Tuesday, February 7, 2012

Multiprocessing Goodness -- Part 2 -- Class Defintions

The multiprocessing module includes a generic Process class, which can be used to wrap a simple function.

The function must be designed to work with Queues or Pipelines or other synchronization techniques.

There's an advantage, however, to defining a class which gracefully handles generator functions.  If we have Generator-Aware multi-processing, we can (1) write our algorithms as generators and then (2) trivially connect Processes with Queues to improve scalability.

We're looking at creating processing "pipelines" using Queues.  That way we can easily handle multiple-producer and multiple-consumer (fan-in, fan-out) processing that enhances concurrency.

See Multiprocessing Goodness -- Part 1 -- Use Cases for more information.

We have three use cases:  Producer, Consumer and Consumer-Producer.

Producer

A Producer gets data from somewhere and populates a queue with it.  This is the source that feeds data into the pipeline.


class ProducerProcess( Process ):
    """Produces items into a Queue.
    
    The "target" must be a generator function which yields
    pickable items.
    """
    def __init__( self, group=None, target=None, name=None, args=None, kwargs=None, output_queue=None, consumers=0 ):
        super( ProducerProcess, self ).__init__( name=name )
        self.target= target
        self.args= args if args is not None else []
        self.kwargs= kwargs if kwargs is not None else {}
        self.output_queue= output_queue
        self.consumers= consumers
    def run( self ):
        target= self.target
        for item in target(*self.args, **self.kwargs):
            self.output_queue.put( item )
        for x in range(self.consumers):
            self.output_queue.put( None )
        self.output_queue.close()


This class will wrap a "target" function which must be a generator.   Every value yielded is put into the "output_queue".  When the source data runs out, enough sentinel tokens are put into the queue to satisfy all consumers.

Consumer

A Consumer gets data from a queue and does some final processing.  Perhaps it loads a database, or writes a file.  It is the sink that consumes data on the pipeline.
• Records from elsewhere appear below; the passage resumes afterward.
Lemma kraus_rank_le_pid rho (k : nat) : psd rho -> (k <= d)%N ->
  kraus_map rho = (k%:R)^-1 *: pid_mx k -> (\rank rho <= k)%N.
Proof.
move=> p_rho kd E_rho.
have hQ : (copid_mx k : 'M[C]_d)^t* = copid_mx k.
  by rewrite /copid_mx linearB /= trmx1 tr_pid_mx map_mxB map_mx1 map_pid_mx.
have orth : \tr (kraus_map rho *m copid_mx k) = 0.
  by rewrite E_rho -scalemxAl mul_pid_mx_copid // scaler0 mxtrace0.
have := kraus_rank_bound p_rho hQ (copid_mx_id _ kd) orth.
rewrite /copid_mx raddfB /= mxtrace1 mxtrace_pid // -natrB // ler_nat.
by have := rank_leq_row rho; lia.
Qed.

End KrausMaps.

Section StochasticChannel.
Local Open Scope ring_scope.
Local Open Scope sesquilinear_scope.
Variables (C : numClosedFieldType) (d : nat) (P : 'M[C]_d) (t : 'I_d -> 'I_d -> C).
Hypotheses (P_unitary : P \is unitarymx) (t_ge0 : forall i j, 0 <= t i j)
  (t_row : forall i, \sum_j t i j = 1) (t_col : forall j, \sum_i t i j = 1).

Definition stochastic_kraus (p : 'I_d * 'I_d) : 'M[C]_d :=
  sqrtC (t p.1 p.2) *: (delta_mx p.1 p.2 *m P).

Lemma stochastic_kraus_conj i j rho :
  stochastic_kraus (i, j) *m rho *m (stochastic_kraus (i, j))^t*
  = (t i j * (P *m rho *m P^t*) j j) *: delta_mx i i.
Proof.
rewrite /stochastic_kraus /= trmxCZ trmxC_mul trmxC_delta -!scalemxAl -scalemxAr.
by rewrite scalerA sqrtC_mul_conj // -scalerA -delta_mx_conj !mulmxA.
Qed.

Lemma stochastic_kraus_adj_mul i j :
  (stochastic_kraus (i, j))^t* *m stochastic_kraus (i, j)
  = t i j *: (P^t* *m delta_mx j j *m P).
Proof.
rewrite /stochastic_kraus /= trmxCZ trmxC_mul trmxC_delta -scalemxAl -scalemxAr scalerA.
by rewrite mulrC sqrtC_mul_conj // !mulmxA -(mulmxA _ (delta_mx j i)) mul_delta_mx.
Qed.

Lemma stochastic_kraus_tp :
  \sum_i \sum_j (stochastic_kraus (i, j))^t* *m stochastic_kraus (i, j) = 1%:M.
Proof.
rewrite exchange_big /=; under eq_bigr do under eq_bigr do rewrite stochastic_kraus_adj_mul.
under eq_bigr do rewrite -scaler_suml t_col scale1r.
by rewrite -mulmx_suml -mulmx_sumr -mx1_sum_delta mulmx1; apply/mulmx1C/unitarymxP.
Qed.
class ConsumerProcess( Process ):
    """Consumes items from a Queue.
    
    The "target" must be a function which expects an iterable as it's
    only argument.  Therefore, the args value is not used here.
    """
    def __init__( self, group=None, target=None, name=None, kwargs=None, input_queue=None, producers=0 ):
        super( ConsumerProcess, self ).__init__( name=name )
        self.target= target
        self.kwargs= kwargs if kwargs is not None else {}
        self.input_queue= input_queue
        self.producers= producers
    def items( self ):
        while self.producers != 0:
            for item in iter( self.input_queue.get, None ):
                yield item
            self.producers -= 1
    def run( self ):
        target= self.target
        target( self.items(), **self.kwargs )


This class will wrap a "target" function which must be ready to work with any iterable.  Every value from the queue will be provided to the target function for processing.  When enough sentinel tokens have been consumed from producers, it terminates processing.

Consumer-Producer

The middle of a processing pipeline is consumer-producer processes which consume from one queue and the produce to another queue.


        
class ConsumerProducerProcess( Process ):
    """Consumes items from a Queue and produces items onto a Queue.
    
    The "target" must be a generator function which yields
    pickable items and which expects an iterable as it's
    only argument.  Therefore, the args value is not used here.
    """
    def __init__( self, group=None, target=None, name=None, kwargs=None, input_queue=None, producers=0, output_queue=None, consumers=0 ):
        super( ConsumerProducerProcess, self ).__init__( name=name )
        self.target= target
        self.kwargs= kwargs if kwargs is not None else {}
        self.input_queue= input_queue
        self.producers= producers
        self.output_queue= output_queue
        self.consumers= consumers
    def items( self ):
        while self.producers != 0:
            for item in iter( self.input_queue.get, None ):
                yield item
            self.producers -= 1
    def run( self ):
        target= self.target
        for item in target(self.items(), **self.kwargs):
            self.output_queue.put( item )
        for x in range(self.consumers):
            self.output_queue.put( None )
        self.output_queue.close()


This class will wrap a "target" function which must be a generator function that consumes an iterable.
Every value from the queue is provided to the target generator.  Every value yielded by the generator is sent to the output queue.  The input side counts sentinels to know when to stop.  The output side produces enough sentinels to alert downstream processes.

Target Functions

A producer function must be a generator function of this form


def prod( *args ):
    for item in some_function(*args):
       yield item


A consumer function looks like this:


def cons( source ):
    for item in source:
       final_disposition(item)


Finally, a consumer-producer function looks like this.

def cons_prod( source ):
    for item in source:
       next_value= transform(item)
       yield next_value


These functions can be tested and debugged like this.


for final in consumer( cons_prod( producer( *args ) ) ):
    print( final )


That way we're confident that our algorithm is correct before attempting to scale it with multiprocessing.